- Exercise description
All of the data that follows needs to be printed again, exactly as it reads.

- Extracted records
=====
Lemma NN_in_ball (S : {set 'I_n}) (l : nat) (rho : R) (s : 'I_n) :
  (l <= #|ball S p rho|)%N -> s \in NN d pt [set: 'I_n] p l -> d p (pt s) <= rho.
Proof.
move=> lB; rewrite inE => /andP[_ rks]; rewrite leNgt; apply/negP => far.
have : (#|ball S p rho| <= #|[set t in [set: 'I_n] | lt t s]|)%N.
  apply: subset_leq_card; apply/subsetP => t; rewrite !inE => /andP[_ trho].
  by rewrite /lexlt (le_lt_trans trho far).
by move/(leq_trans lB)/leq_ltn_trans/(_ rks); rewrite ltnn.
Qed.

End Ranking.

Lemma ropt_center_le (X : {set 'I_n}) (m : nat) (rho : R) :
  (0 < n)%N -> (#|X| <= m)%N -> (m <= n)%N ->
  (forall p, exists2 x, x \in X & d (pt p) (pt x) <= rho) ->
  ropt d pt m 1 <= rho.
Proof.
move=> n0 Xm mn covX; have [S XS Sm] := pad_set Xm mn.
apply: le_trans (ropt_le 1 Sm) _; apply: ftcost_le => // p.
have [x xX px] := covX p; apply: dS_le_ball => //; rewrite card_gt0.
by apply/set0Pn; exists x; rewrite inE (subsetP XS x xX).
Qed.

Section Metric.
Hypothesis d_metric : is_metric d.

Lemma dist_self (a : M) : d a a = 0.
Proof. by case: d_metric => d0 _; apply/d0. Qed.

Lemma dist_ge0 (a b : M) : 0 <= d a b.
Proof.
case: d_metric => _ [dsym dtri]; have := dtri a b a.
by rewrite dist_self (dsym b a); lra.
Qed.

Lemma dS_ge0 (S : {set 'I_n}) (p : M) (i : nat) : 0 <= dS d pt S p i.
Proof. by apply: fmin_ge0 => s _; apply: dist_ge0. Qed.

Definition separated (rho : R) (X : {set 'I_n}) : bool :=
  [forall x in X, forall y in X, (x != y) ==> (rho < d (pt x) (pt y))].

Lemma separated_lt (rho : R) (X : {set 'I_n}) (x y : 'I_n) :
  separated rho X -> x \in X -> y \in X -> x != y -> rho < d (pt x) (pt y).
Proof.
by move=> /forall_inP sepX xX yX; move: (sepX x xX) => /forall_inP/(_ y yX)/implyP.
Qed.

(* A rho-separated set of maximum size is also a rho-cover of all points. *)
Lemma separated_cover (rho : R) : 0 <= rho ->
  exists2 X, separated rho X & forall p, exists2 x, x \in X & d (pt p) (pt x) <= rho.
Proof.
move=> rho0; have sep0 : separated rho set0 by apply/forall_inP => x; rewrite inE.
case: (@arg_maxnP _ set0 (separated rho) (fun X => #|X|) sep0) => X sepX maxX.
exists X => // p; case: (boolP [exists x in X, d (pt p) (pt x) <= rho]).
  by case/exists_inP => x; exists x.
move/exists_inPn => far; have pX : p \notin X.
  by apply/negP => pX; move: (far p pX); rewrite dist_self rho0.
have : separated rho (p |: X).
  case: d_metric => _ [dsym _].
  apply/forall_inP => x /setU1P xX; apply/forall_inP => y /setU1P yX.
  apply/implyP => xy; case: xX yX => [ex | xX] [ey | yX].
  - by rewrite ex ey eqxx in xy.
  - by rewrite ex ltNge far.
  - by rewrite ey dsym ltNge far.
  - exact: separated_lt sepX xX yX xy.
by move/maxX; rewrite /= cardsU1 pX ltnn.
Qed.

(* Packing: balls of radius r around a 2r-separated set are disjoint, so if each
   holds l points of S then the set has at most |S| / l points. *)
Lemma packing_bound (S X : {set 'I_n}) (r : R) (l : nat) :
  separated (2 * r) X -> (forall x, x \in X -> l <= #|ball S (pt x) r|)%N ->
  (#|X| * l <= #|S|)%N.
Proof.
move=> sepX ballX; case: d_metric => _ [dsym dtri].
have one_center t : (#|[set x in X | (d (pt x) (pt t) <= r)%R]| <= 1)%N.
  apply/card_le1_eqP => x y; rewrite !inE => /andP[xX xt] /andP[yX yt].
  apply/eqP; apply: contraT => xy; have := separated_lt sepX yX xX xy.
  by have := dtri (pt y) (pt t) (pt x); rewrite (dsym (pt t)); lra.
rewrite -sum_nat_const; apply: (@leq_trans (\sum_(x in X) #|ball S (pt x) r|)).
  exact: leq_sum.
by rewrite double_count -sum1_card; apply: leq_sum => t _; apply: one_center.
Qed.

(* If B(q, r) holds l points (of some S), so that N_P(q, l) lies within r of q,
   and N_P(q, l) is contained in C, then p has l points of C within d(p, q) + r. *)
Lemma dS_le_via_center (C S : {set 'I_n}) (p q : M) (l : nat) (r : R) :
  (0 < l)%N -> (l <= n)%N -> NN d pt [set: 'I_n] q l \subset C ->
  (l <= #|ball S q r|)%N -> dS d pt C p l <= d p q + r.
Proof.
move=> l0 ln NC lB; apply: dS_le_ball => //.
rewrite -{1}(NN_card q ln); apply: subset_leq_card; apply/subsetP => s sN.
rewrite inE (subsetP NC s sN) /=; case: d_metric => _ [_ dtri].
by apply: le_trans (dtri _ q _) _; rewrite lerD2l (NN_in_ball lB sN).
Qed.

End Metric.
End PointSet.

Theorem theorem2 (R : realFieldType) (M : Type) (d : M -> M -> R)
  (n : nat) (pt : 'I_n -> M) (k l m : nat) (c : R)
  (Q C : {set 'I_n}) :
  is_metric d ->
  injective pt ->
  (1 <= l)%N -> (l <= k)%N -> (k <= n)%N ->
  m = (k %/ l)%N ->
  1 <= c ->
  #|Q| = m ->
  ftcost d pt Q 1 <= c * ropt d pt m 1 ->
  #|C| = k ->
  (\bigcup_(q in Q) NN d pt [set: 'I_n] (pt q) l) \subset C ->
  ftcost d pt C l <= (1 + 2 * c) * ropt d pt k l.
Proof.
move=> dmet _ l1 lk kn mE c1 Qm hQ Ck NQC.
have n0 : (0 < n)%N by lia.
have [Copt Coptk rE] := ropt_attain d pt l kn.
set r := ropt d pt k l in rE *.
have ball_opt q : (l <= #|ball d pt Copt (pt q) r|)%N.
  by apply: ball_of_dS; rewrite ?Coptk // rE ftcost_ge.
have r0 : 0 <= r.
  rewrite rE; apply: le_trans (ftcost_ge d pt Copt l (Ordinal n0)).
  exact: dS_ge0.
have [X sepX covX] := separated_cover pt dmet (rho := 2 * r) ltac:(lra).
have Xm : (#|X| <= m)%N.
  rewrite mE leq_divRL // -Coptk.
  by apply: (packing_bound dmet sepX) => x _; apply: ball_opt.
have rcen : ropt d pt m 1 <= 2 * r.
  by apply: ropt_center_le n0 Xm _ covX; rewrite mE (leq_trans (leq_div k l) kn).
have nearQ p : exists2 q, q \in Q & d (pt p) (pt q) <= c * (2 * r).
  have Q0 : (0 < #|Q|)%N by rewrite Qm mE divn_gt0.
  have : dS d pt Q (pt p) 1 <= c * (2 * r).
    apply: le_trans (ftcost_ge d pt Q 1 p) (le_trans hQ _).
    by rewrite ler_wpM2l // ?(le_trans ler01 c1).
  by move/(ball_of_dS Q0)/card_gt0P => [q]; rewrite inE => /andP[qQ pq]; exists q.
apply: ftcost_le => // p; have [q qQ pq] := nearQ p.
have NC : NN d pt [set: 'I_n] (pt q) l \subset C.
  by apply: subset_trans NQC; apply: (bigcup_sup q qQ).
apply: le_trans (dS_le_via_center dmet (pt p) l1 (leq_trans lk kn) NC (ball_opt q)) _.
by rewrite mulrDl mul1r; lra.
Qed.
=====
- Task result
Lemma NN_in_ball (S : {set 'I_n}) (l : nat) (rho : R) (s : 'I_n) :
  (l <= #|ball S p rho|)%N -> s \in NN d pt [set: 'I_n] p l -> d p (pt s) <= rho.
Proof.
move=> lB; rewrite inE => /andP[_ rks]; rewrite leNgt; apply/negP => far.
have : (#|ball S p rho| <= #|[set t in [set: 'I_n] | lt t s]|)%N.
  apply: subset_leq_card; apply/subsetP => t; rewrite !inE => /andP[_ trho].
  by rewrite /lexlt (le_lt_trans trho far).
by move/(leq_trans lB)/leq_ltn_trans/(_ rks); rewrite ltnn.
Qed.

End Ranking.

Lemma ropt_center_le (X : {set 'I_n}) (m : nat) (rho : R) :
  (0 < n)%N -> (#|X| <= m)%N -> (m <= n)%N ->
  (forall p, exists2 x, x \in X & d (pt p) (pt x) <= rho) ->
  ropt d pt m 1 <= rho.
Proof.
move=> n0 Xm mn covX; have [S XS Sm] := pad_set Xm mn.
apply: le_trans (ropt_le 1 Sm) _; apply: ftcost_le => // p.
have [x xX px] := covX p; apply: dS_le_ball => //; rewrite card_gt0.
by apply/set0Pn; exists x; rewrite inE (subsetP XS x xX).
Qed.

Section Metric.
Hypothesis d_metric : is_metric d.

Lemma dist_self (a : M) : d a a = 0.
Proof. by case: d_metric => d0 _; apply/d0. Qed.

Lemma dist_ge0 (a b : M) : 0 <= d a b.
Proof.
case: d_metric => _ [dsym dtri]; have := dtri a b a.
by rewrite dist_self (dsym b a); lra.
Qed.

Lemma dS_ge0 (S : {set 'I_n}) (p : M) (i : nat) : 0 <= dS d pt S p i.
Proof. by apply: fmin_ge0 => s _; apply: dist_ge0. Qed.

Definition separated (rho : R) (X : {set 'I_n}) : bool :=
  [forall x in X, forall y in X, (x != y) ==> (rho < d (pt x) (pt y))].

Lemma separated_lt (rho : R) (X : {set 'I_n}) (x y : 'I_n) :
  separated rho X -> x \in X -> y \in X -> x != y -> rho < d (pt x) (pt y).
Proof.
by move=> /forall_inP sepX xX yX; move: (sepX x xX) => /forall_inP/(_ y yX)/implyP.
Qed.

(* A rho-separated set of maximum size is also a rho-cover of all points. *)
Lemma separated_cover (rho : R) : 0 <= rho ->
  exists2 X, separated rho X & forall p, exists2 x, x \in X & d (pt p) (pt x) <= rho.
Proof.
move=> rho0; have sep0 : separated rho set0 by apply/forall_inP => x; rewrite inE.
case: (@arg_maxnP _ set0 (separated rho) (fun X => #|X|) sep0) => X sepX maxX.
exists X => // p; case: (boolP [exists x in X, d (pt p) (pt x) <= rho]).
  by case/exists_inP => x; exists x.
move/exists_inPn => far; have pX : p \notin X.
  by apply/negP => pX; move: (far p pX); rewrite dist_self rho0.
have : separated rho (p |: X).
  case: d_metric => _ [dsym _].
  apply/forall_inP => x /setU1P xX; apply/forall_inP => y /setU1P yX.
  apply/implyP => xy; case: xX yX => [ex | xX] [ey | yX].
  - by rewrite ex ey eqxx in xy.
  - by rewrite ex ltNge far.
  - by rewrite ey dsym ltNge far.
  - exact: separated_lt sepX xX yX xy.
by move/maxX; rewrite /= cardsU1 pX ltnn.
Qed.

(* Packing: balls of radius r around a 2r-separated set are disjoint, so if each
   holds l points of S then the set has at most |S| / l points. *)
Lemma packing_bound (S X : {set 'I_n}) (r : R) (l : nat) :
  separated (2 * r) X -> (forall x, x \in X -> l <= #|ball S (pt x) r|)%N ->
  (#|X| * l <= #|S|)%N.
Proof.
move=> sepX ballX; case: d_metric => _ [dsym dtri].
have one_center t : (#|[set x in X | (d (pt x) (pt t) <= r)%R]| <= 1)%N.
  apply/card_le1_eqP => x y; rewrite !inE => /andP[xX xt] /andP[yX yt].
  apply/eqP; apply: contraT => xy; have := separated_lt sepX yX xX xy.
  by have := dtri (pt y) (pt t) (pt x); rewrite (dsym (pt t)); lra.
rewrite -sum_nat_const; apply: (@leq_trans (\sum_(x in X) #|ball S (pt x) r|)).
  exact: leq_sum.
by rewrite double_count -sum1_card; apply: leq_sum => t _; apply: one_center.
Qed.

(* If B(q, r) holds l points (of some S), so that N_P(q, l) lies within r of q,
   and N_P(q, l) is contained in C, then p has l points of C within d(p, q) + r. *)
Lemma dS_le_via_center (C S : {set 'I_n}) (p q : M) (l : nat) (r : R) :
  (0 < l)%N -> (l <= n)%N -> NN d pt [set: 'I_n] q l \subset C ->
  (l <= #|ball S q r|)%N -> dS d pt C p l <= d p q + r.
Proof.
move=> l0 ln NC lB; apply: dS_le_ball => //.
rewrite -{1}(NN_card q ln); apply: subset_leq_card; apply/subsetP => s sN.
rewrite inE (subsetP NC s sN) /=; case: d_metric => _ [_ dtri].
by apply: le_trans (dtri _ q _) _; rewrite lerD2l (NN_in_ball lB sN).
Qed.

End Metric.
End PointSet.

Theorem theorem2 (R : realFieldType) (M : Type) (d : M -> M -> R)
  (n : nat) (pt : 'I_n -> M) (k l m : nat) (c : R)
  (Q C : {set 'I_n}) :
  is_metric d ->
  injective pt ->
  (1 <= l)%N -> (l <= k)%N -> (k <= n)%N ->
  m = (k %/ l)%N ->
  1 <= c ->
  #|Q| = m ->
  ftcost d pt Q 1 <= c * ropt d pt m 1 ->
  #|C| = k ->
  (\bigcup_(q in Q) NN d pt [set: 'I_n] (pt q) l) \subset C ->
  ftcost d pt C l <= (1 + 2 * c) * ropt d pt k l.
Proof.
move=> dmet _ l1 lk kn mE c1 Qm hQ Ck NQC.
have n0 : (0 < n)%N by lia.
have [Copt Coptk rE] := ropt_attain d pt l kn.
set r := ropt d pt k l in rE *.
have ball_opt q : (l <= #|ball d pt Copt (pt q) r|)%N.
  by apply: ball_of_dS; rewrite ?Coptk // rE ftcost_ge.
have r0 : 0 <= r.
  rewrite rE; apply: le_trans (ftcost_ge d pt Copt l (Ordinal n0)).
  exact: dS_ge0.
have [X sepX covX] := separated_cover pt dmet (rho := 2 * r) ltac:(lra).
have Xm : (#|X| <= m)%N.
  rewrite mE leq_divRL // -Coptk.
  by apply: (packing_bound dmet sepX) => x _; apply: ball_opt.
have rcen : ropt d pt m 1 <= 2 * r.
  by apply: ropt_center_le n0 Xm _ covX; rewrite mE (leq_trans (leq_div k l) kn).
have nearQ p : exists2 q, q \in Q & d (pt p) (pt q) <= c * (2 * r).
  have Q0 : (0 < #|Q|)%N by rewrite Qm mE divn_gt0.
  have : dS d pt Q (pt p) 1 <= c * (2 * r).
    apply: le_trans (ftcost_ge d pt Q 1 p) (le_trans hQ _).
    by rewrite ler_wpM2l // ?(le_trans ler01 c1).
  by move/(ball_of_dS Q0)/card_gt0P => [q]; rewrite inE => /andP[qQ pq]; exists q.
apply: ftcost_le => // p; have [q qQ pq] := nearQ p.
have NC : NN d pt [set: 'I_n] (pt q) l \subset C.
  by apply: subset_trans NQC; apply: (bigcup_sup q qQ).
apply: le_trans (dS_le_via_center dmet (pt p) l1 (leq_trans lk kn) NC (ball_opt q)) _.
by rewrite mulrDl mul1r; lra.
Qed.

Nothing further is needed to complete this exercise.